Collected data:
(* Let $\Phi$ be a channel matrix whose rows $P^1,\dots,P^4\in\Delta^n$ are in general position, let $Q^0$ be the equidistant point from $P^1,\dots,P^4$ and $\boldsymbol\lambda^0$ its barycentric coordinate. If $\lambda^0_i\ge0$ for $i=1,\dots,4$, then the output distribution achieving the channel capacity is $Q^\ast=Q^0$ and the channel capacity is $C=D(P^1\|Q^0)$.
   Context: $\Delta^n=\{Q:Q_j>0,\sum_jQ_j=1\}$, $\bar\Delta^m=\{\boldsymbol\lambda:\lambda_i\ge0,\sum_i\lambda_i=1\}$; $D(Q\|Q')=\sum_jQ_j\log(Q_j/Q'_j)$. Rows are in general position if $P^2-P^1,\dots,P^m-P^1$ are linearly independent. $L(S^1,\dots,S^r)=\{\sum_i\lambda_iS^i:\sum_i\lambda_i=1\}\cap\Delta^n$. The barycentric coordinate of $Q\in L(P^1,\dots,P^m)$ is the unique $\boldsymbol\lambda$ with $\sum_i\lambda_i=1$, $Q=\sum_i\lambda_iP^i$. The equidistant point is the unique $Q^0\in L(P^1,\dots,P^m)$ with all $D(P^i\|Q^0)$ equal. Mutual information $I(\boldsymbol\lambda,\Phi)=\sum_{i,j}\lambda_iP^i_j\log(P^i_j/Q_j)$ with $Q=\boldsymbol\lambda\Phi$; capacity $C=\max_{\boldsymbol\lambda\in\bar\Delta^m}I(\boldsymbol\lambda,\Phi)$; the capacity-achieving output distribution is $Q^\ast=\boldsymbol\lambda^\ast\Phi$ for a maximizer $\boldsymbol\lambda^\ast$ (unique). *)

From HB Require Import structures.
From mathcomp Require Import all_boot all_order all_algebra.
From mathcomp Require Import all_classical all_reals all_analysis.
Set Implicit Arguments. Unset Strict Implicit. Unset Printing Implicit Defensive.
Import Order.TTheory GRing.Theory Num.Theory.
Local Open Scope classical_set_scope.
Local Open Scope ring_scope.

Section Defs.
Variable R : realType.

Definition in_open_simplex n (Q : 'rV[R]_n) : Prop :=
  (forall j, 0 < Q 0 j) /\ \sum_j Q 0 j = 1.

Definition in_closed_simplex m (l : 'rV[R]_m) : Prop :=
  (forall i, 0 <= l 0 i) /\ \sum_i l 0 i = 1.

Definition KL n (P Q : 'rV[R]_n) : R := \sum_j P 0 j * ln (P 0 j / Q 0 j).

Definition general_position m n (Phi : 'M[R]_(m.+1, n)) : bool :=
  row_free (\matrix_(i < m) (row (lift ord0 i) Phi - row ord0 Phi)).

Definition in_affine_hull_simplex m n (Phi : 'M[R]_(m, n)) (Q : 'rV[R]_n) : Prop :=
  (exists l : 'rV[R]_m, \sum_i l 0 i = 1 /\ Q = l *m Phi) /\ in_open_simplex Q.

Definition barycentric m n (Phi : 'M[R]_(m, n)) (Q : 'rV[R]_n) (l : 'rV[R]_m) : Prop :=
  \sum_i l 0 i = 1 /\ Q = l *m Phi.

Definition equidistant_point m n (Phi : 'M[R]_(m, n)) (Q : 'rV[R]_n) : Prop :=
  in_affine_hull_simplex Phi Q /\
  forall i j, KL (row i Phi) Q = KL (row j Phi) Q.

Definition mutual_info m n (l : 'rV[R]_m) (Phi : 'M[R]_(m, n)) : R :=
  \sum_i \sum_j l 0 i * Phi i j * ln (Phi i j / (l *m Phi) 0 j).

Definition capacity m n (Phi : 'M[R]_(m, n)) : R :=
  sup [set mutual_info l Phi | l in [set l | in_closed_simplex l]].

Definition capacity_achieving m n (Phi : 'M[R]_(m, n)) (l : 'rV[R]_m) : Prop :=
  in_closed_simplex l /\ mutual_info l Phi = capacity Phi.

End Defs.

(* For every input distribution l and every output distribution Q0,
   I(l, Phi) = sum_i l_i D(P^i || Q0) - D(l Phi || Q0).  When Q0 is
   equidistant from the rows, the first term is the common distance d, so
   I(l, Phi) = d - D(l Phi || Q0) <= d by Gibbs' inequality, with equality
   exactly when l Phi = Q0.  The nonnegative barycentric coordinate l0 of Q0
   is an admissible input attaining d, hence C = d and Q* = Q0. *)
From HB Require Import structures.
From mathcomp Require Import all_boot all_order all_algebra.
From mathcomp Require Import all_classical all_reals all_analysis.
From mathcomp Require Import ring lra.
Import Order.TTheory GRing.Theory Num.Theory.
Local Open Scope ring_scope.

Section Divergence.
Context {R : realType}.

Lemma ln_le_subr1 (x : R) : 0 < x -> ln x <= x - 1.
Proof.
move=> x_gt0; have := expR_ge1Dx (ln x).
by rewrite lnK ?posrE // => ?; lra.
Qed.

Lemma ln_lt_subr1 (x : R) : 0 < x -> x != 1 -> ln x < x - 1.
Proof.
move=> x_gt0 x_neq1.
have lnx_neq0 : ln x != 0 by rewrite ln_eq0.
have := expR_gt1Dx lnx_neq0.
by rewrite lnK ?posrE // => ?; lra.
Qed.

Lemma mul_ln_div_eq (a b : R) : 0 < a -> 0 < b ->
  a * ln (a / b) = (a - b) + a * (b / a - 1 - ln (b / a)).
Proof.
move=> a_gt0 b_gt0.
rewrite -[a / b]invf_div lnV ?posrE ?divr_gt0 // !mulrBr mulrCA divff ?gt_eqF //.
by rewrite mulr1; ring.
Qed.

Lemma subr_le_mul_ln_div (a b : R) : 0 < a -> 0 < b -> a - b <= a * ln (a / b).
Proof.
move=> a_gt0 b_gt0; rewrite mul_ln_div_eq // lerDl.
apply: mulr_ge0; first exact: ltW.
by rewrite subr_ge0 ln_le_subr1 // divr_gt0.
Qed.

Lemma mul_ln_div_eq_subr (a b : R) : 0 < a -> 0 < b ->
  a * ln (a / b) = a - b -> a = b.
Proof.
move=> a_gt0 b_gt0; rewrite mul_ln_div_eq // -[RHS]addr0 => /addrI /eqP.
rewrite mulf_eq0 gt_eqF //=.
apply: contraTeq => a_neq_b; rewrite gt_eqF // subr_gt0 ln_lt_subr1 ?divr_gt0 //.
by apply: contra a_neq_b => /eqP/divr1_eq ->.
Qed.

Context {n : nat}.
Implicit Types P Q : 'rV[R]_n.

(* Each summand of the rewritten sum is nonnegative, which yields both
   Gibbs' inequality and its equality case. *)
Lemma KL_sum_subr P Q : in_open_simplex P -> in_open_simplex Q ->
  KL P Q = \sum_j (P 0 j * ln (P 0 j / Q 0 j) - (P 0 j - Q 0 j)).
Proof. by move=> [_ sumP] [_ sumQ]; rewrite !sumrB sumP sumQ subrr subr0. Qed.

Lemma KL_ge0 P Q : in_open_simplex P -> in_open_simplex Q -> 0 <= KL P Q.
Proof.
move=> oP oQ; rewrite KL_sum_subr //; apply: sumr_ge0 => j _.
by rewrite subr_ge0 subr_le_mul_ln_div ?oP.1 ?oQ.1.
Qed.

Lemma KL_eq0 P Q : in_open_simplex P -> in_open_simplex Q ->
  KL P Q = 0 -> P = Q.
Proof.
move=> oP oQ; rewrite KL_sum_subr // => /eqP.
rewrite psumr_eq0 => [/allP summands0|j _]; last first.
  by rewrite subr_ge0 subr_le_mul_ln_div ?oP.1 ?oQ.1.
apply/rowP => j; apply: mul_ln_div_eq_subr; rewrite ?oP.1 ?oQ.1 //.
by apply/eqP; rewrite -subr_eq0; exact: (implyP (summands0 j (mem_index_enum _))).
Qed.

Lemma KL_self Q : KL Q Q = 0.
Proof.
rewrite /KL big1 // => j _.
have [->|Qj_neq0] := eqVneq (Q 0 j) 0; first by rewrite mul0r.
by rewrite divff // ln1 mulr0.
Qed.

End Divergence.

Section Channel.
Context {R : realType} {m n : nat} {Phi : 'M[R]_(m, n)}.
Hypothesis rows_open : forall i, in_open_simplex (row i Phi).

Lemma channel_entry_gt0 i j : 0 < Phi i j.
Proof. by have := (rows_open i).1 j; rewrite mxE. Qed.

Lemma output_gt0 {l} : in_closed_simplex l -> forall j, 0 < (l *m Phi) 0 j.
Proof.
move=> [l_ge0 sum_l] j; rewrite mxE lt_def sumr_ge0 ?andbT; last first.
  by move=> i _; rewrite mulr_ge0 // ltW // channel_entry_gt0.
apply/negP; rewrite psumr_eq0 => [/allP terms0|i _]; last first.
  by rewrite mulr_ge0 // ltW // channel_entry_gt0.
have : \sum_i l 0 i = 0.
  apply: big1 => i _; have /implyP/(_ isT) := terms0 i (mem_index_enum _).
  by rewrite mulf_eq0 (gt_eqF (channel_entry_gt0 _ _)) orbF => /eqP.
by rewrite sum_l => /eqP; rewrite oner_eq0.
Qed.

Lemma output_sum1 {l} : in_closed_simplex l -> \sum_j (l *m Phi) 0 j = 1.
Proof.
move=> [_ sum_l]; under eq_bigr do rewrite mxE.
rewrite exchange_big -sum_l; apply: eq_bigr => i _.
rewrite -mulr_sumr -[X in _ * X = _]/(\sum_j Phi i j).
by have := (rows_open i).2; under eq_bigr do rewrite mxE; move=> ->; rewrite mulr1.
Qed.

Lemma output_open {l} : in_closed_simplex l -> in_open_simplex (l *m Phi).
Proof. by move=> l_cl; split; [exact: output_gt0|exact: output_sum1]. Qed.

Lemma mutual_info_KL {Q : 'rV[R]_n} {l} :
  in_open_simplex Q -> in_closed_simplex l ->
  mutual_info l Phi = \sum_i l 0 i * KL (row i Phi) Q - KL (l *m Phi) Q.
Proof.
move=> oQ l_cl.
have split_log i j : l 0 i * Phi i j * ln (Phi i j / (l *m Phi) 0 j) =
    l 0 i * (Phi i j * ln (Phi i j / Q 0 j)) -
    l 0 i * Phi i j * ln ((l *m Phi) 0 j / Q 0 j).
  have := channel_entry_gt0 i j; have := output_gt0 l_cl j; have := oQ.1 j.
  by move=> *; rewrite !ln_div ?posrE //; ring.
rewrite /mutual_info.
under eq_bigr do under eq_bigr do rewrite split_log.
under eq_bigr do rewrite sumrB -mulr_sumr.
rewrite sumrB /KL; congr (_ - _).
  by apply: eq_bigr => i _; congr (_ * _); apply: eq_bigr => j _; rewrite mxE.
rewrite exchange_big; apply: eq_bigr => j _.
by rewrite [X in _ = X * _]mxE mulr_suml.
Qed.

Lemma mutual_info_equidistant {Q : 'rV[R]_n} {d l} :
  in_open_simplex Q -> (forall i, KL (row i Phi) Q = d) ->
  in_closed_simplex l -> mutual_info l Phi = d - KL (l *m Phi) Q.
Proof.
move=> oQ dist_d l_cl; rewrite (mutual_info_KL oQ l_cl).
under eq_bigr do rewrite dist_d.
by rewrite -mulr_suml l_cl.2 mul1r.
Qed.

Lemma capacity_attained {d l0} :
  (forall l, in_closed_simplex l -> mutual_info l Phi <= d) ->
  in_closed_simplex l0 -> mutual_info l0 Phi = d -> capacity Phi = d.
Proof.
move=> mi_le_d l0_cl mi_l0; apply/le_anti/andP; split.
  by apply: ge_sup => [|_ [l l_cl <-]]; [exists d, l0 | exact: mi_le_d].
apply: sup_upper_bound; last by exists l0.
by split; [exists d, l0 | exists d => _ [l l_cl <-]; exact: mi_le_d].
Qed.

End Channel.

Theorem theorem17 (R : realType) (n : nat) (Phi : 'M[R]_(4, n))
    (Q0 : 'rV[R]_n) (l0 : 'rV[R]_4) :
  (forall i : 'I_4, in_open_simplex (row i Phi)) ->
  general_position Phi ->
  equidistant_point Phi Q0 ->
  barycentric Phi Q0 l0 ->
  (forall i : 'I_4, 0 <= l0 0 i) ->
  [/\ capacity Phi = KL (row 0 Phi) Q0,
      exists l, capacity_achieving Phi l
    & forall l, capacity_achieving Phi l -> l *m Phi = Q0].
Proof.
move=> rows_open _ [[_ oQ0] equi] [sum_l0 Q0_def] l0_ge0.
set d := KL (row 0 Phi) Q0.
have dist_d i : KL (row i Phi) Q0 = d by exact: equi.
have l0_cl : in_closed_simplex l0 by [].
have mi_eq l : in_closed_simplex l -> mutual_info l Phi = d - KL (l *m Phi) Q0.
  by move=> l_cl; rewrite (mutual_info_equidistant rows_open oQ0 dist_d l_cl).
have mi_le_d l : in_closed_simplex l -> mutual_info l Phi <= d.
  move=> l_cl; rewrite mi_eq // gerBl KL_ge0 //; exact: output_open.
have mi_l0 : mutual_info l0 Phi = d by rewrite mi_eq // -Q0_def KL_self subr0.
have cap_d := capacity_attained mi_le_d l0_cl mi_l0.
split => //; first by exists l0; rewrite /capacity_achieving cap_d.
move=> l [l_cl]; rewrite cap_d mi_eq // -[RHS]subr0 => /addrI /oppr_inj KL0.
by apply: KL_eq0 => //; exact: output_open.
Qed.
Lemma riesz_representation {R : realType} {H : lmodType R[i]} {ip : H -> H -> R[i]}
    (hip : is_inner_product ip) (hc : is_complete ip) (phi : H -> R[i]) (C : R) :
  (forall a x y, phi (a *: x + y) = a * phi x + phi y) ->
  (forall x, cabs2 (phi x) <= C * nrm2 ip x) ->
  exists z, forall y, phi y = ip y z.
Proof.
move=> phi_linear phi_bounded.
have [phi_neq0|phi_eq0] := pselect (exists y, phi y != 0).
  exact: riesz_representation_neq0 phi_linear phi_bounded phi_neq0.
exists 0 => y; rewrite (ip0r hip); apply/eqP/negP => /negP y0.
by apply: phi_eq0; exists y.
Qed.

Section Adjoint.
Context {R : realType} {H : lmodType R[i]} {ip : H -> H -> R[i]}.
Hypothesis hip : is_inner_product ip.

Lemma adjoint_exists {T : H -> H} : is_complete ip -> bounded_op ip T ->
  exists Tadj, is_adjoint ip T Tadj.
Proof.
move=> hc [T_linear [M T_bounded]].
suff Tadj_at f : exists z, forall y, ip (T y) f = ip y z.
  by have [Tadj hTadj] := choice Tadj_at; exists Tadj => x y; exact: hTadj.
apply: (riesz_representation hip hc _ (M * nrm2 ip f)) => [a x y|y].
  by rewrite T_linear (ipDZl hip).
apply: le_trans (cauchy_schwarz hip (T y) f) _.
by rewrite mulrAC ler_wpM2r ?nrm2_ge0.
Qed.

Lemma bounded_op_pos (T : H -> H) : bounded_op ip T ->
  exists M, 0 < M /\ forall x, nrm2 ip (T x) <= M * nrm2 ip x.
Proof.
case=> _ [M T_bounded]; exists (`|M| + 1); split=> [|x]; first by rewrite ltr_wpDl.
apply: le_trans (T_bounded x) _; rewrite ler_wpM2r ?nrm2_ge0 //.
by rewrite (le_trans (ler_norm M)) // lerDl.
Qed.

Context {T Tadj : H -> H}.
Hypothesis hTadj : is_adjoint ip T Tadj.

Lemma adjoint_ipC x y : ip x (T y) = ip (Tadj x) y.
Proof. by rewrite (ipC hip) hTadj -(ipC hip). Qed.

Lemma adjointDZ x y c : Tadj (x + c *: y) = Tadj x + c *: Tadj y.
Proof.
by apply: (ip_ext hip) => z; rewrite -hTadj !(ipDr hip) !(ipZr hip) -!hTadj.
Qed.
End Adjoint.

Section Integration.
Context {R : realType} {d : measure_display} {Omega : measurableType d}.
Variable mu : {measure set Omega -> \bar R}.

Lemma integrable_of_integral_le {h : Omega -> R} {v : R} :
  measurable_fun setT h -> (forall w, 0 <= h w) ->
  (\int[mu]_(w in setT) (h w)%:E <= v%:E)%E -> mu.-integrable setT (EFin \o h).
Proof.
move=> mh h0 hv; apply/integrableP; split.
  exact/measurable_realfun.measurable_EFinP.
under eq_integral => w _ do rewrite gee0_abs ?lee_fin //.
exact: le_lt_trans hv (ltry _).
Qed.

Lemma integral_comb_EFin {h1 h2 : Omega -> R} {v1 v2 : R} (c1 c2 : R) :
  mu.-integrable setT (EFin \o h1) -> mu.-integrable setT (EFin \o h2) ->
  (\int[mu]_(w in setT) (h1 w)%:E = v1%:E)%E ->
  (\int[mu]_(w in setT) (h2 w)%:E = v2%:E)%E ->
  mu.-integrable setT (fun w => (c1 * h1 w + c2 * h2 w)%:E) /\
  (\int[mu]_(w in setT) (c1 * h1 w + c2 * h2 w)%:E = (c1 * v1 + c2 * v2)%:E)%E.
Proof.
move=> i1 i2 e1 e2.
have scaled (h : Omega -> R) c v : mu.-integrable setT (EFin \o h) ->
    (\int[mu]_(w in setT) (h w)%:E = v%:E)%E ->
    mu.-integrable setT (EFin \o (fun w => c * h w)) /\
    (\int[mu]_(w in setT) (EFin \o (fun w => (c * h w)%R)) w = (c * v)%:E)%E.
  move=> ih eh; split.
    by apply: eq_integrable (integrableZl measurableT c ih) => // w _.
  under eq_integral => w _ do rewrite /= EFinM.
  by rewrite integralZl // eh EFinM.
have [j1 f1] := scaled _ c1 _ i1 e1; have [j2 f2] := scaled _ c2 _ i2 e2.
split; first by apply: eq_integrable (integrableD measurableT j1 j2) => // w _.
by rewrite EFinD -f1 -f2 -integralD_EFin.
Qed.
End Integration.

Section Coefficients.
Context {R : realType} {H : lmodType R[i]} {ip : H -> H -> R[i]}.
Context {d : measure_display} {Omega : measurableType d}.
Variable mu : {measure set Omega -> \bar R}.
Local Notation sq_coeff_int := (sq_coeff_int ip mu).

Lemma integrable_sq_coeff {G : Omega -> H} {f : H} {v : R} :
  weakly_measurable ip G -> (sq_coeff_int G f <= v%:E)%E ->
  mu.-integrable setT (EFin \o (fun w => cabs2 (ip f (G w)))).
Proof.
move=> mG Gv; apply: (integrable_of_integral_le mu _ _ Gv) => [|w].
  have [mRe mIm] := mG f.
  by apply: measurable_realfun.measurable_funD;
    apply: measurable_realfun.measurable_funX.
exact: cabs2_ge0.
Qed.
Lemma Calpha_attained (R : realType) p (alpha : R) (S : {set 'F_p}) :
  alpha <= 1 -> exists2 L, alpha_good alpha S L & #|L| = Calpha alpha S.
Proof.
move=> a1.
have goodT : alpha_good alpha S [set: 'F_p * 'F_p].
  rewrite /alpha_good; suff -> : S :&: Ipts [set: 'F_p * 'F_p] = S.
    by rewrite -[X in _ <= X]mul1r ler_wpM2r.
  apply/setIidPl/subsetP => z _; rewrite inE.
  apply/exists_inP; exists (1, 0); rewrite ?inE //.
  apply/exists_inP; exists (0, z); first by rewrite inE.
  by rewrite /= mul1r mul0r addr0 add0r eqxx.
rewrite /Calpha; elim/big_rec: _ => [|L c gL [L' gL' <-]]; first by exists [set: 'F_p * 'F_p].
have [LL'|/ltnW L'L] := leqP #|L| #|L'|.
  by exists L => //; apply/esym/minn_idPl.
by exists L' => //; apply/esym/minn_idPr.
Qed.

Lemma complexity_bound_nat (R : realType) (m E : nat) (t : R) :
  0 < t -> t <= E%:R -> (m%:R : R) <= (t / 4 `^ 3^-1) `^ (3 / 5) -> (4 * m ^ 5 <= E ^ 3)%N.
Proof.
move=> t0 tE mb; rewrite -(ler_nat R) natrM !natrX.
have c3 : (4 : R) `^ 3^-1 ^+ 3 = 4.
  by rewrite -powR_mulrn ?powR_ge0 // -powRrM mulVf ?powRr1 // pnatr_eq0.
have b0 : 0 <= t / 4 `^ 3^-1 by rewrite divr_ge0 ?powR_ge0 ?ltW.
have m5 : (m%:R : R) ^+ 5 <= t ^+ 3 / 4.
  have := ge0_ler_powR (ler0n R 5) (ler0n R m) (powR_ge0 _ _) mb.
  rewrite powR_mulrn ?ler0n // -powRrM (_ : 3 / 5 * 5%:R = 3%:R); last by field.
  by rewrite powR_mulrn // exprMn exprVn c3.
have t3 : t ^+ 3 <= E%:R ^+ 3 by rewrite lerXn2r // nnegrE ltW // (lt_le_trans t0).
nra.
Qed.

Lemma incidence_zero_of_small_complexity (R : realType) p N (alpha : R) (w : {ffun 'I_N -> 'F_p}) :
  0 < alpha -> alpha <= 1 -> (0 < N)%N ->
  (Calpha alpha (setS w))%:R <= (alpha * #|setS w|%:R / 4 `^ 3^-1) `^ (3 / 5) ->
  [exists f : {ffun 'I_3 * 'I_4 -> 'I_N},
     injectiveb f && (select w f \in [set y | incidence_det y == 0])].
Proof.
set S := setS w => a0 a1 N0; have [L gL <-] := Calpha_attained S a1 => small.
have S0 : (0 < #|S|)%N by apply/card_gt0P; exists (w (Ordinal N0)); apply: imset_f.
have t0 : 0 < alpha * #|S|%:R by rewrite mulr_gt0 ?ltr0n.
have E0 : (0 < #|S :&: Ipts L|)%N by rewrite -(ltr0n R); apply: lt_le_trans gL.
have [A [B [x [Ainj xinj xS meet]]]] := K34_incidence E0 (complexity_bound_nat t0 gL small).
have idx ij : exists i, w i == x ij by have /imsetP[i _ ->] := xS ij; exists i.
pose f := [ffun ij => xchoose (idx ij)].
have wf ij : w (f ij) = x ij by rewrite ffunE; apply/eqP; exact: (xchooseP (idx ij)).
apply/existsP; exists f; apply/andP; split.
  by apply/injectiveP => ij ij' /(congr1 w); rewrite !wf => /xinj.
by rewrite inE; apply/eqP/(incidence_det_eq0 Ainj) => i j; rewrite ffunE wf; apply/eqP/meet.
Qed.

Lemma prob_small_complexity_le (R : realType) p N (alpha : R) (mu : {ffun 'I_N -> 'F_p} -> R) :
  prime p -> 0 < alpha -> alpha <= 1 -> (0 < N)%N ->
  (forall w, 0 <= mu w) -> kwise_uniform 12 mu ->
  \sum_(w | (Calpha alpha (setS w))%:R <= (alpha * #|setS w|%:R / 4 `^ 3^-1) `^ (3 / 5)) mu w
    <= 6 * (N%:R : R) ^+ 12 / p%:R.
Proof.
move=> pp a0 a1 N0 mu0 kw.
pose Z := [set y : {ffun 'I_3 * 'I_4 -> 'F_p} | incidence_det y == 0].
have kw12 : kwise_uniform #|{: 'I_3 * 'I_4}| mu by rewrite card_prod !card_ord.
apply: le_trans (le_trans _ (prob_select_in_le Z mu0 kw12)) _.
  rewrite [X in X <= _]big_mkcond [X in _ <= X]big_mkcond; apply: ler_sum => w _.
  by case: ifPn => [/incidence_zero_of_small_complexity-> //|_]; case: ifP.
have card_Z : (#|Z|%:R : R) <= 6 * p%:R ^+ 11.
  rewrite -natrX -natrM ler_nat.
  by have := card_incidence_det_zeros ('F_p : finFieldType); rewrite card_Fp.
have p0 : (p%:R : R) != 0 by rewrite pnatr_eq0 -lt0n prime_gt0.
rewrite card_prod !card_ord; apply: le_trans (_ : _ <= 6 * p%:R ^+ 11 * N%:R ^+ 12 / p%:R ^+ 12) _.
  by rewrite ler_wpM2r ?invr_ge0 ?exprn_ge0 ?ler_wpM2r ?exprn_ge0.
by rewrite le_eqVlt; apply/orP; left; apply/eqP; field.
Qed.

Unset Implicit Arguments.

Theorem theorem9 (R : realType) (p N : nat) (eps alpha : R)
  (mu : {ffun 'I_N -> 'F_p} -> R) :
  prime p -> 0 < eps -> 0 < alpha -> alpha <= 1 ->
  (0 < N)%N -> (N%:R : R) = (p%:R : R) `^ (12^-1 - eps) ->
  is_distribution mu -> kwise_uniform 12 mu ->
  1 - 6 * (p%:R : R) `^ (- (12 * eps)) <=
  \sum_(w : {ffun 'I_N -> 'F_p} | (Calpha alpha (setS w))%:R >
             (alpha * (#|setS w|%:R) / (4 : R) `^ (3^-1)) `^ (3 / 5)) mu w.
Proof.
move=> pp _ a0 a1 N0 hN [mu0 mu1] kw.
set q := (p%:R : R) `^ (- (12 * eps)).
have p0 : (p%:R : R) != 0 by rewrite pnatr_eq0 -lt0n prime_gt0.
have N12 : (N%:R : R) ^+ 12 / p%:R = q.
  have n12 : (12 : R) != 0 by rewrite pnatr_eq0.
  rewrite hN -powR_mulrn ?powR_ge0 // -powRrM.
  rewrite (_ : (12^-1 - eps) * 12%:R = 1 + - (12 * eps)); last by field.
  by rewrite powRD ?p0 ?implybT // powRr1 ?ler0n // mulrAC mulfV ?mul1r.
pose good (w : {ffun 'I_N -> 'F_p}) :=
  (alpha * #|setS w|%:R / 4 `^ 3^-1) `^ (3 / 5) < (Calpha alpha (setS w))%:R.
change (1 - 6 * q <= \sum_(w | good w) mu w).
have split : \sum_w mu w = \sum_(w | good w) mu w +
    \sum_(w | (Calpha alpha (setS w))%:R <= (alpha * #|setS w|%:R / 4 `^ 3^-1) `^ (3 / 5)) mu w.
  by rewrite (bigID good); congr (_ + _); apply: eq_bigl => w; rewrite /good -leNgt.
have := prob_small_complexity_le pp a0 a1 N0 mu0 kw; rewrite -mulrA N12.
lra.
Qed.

**Your objective**
From the entries above, extract only the lines running from the one containing "Implicit Types P Q : 'rV[R]_n." through the one containing "Proof. by move=> [_", inclusive.

**Task solution**
Implicit Types P Q : 'rV[R]_n.

(* Each summand of the rewritten sum is nonnegative, which yields both
   Gibbs' inequality and its equality case. *)
Lemma KL_sum_subr P Q : in_open_simplex P -> in_open_simplex Q ->
  KL P Q = \sum_j (P 0 j * ln (P 0 j / Q 0 j) - (P 0 j - Q 0 j)).
Proof. by move=> [_ sumP] [_ sumQ]; rewrite !sumrB sumP sumQ subrr subr0. Qed.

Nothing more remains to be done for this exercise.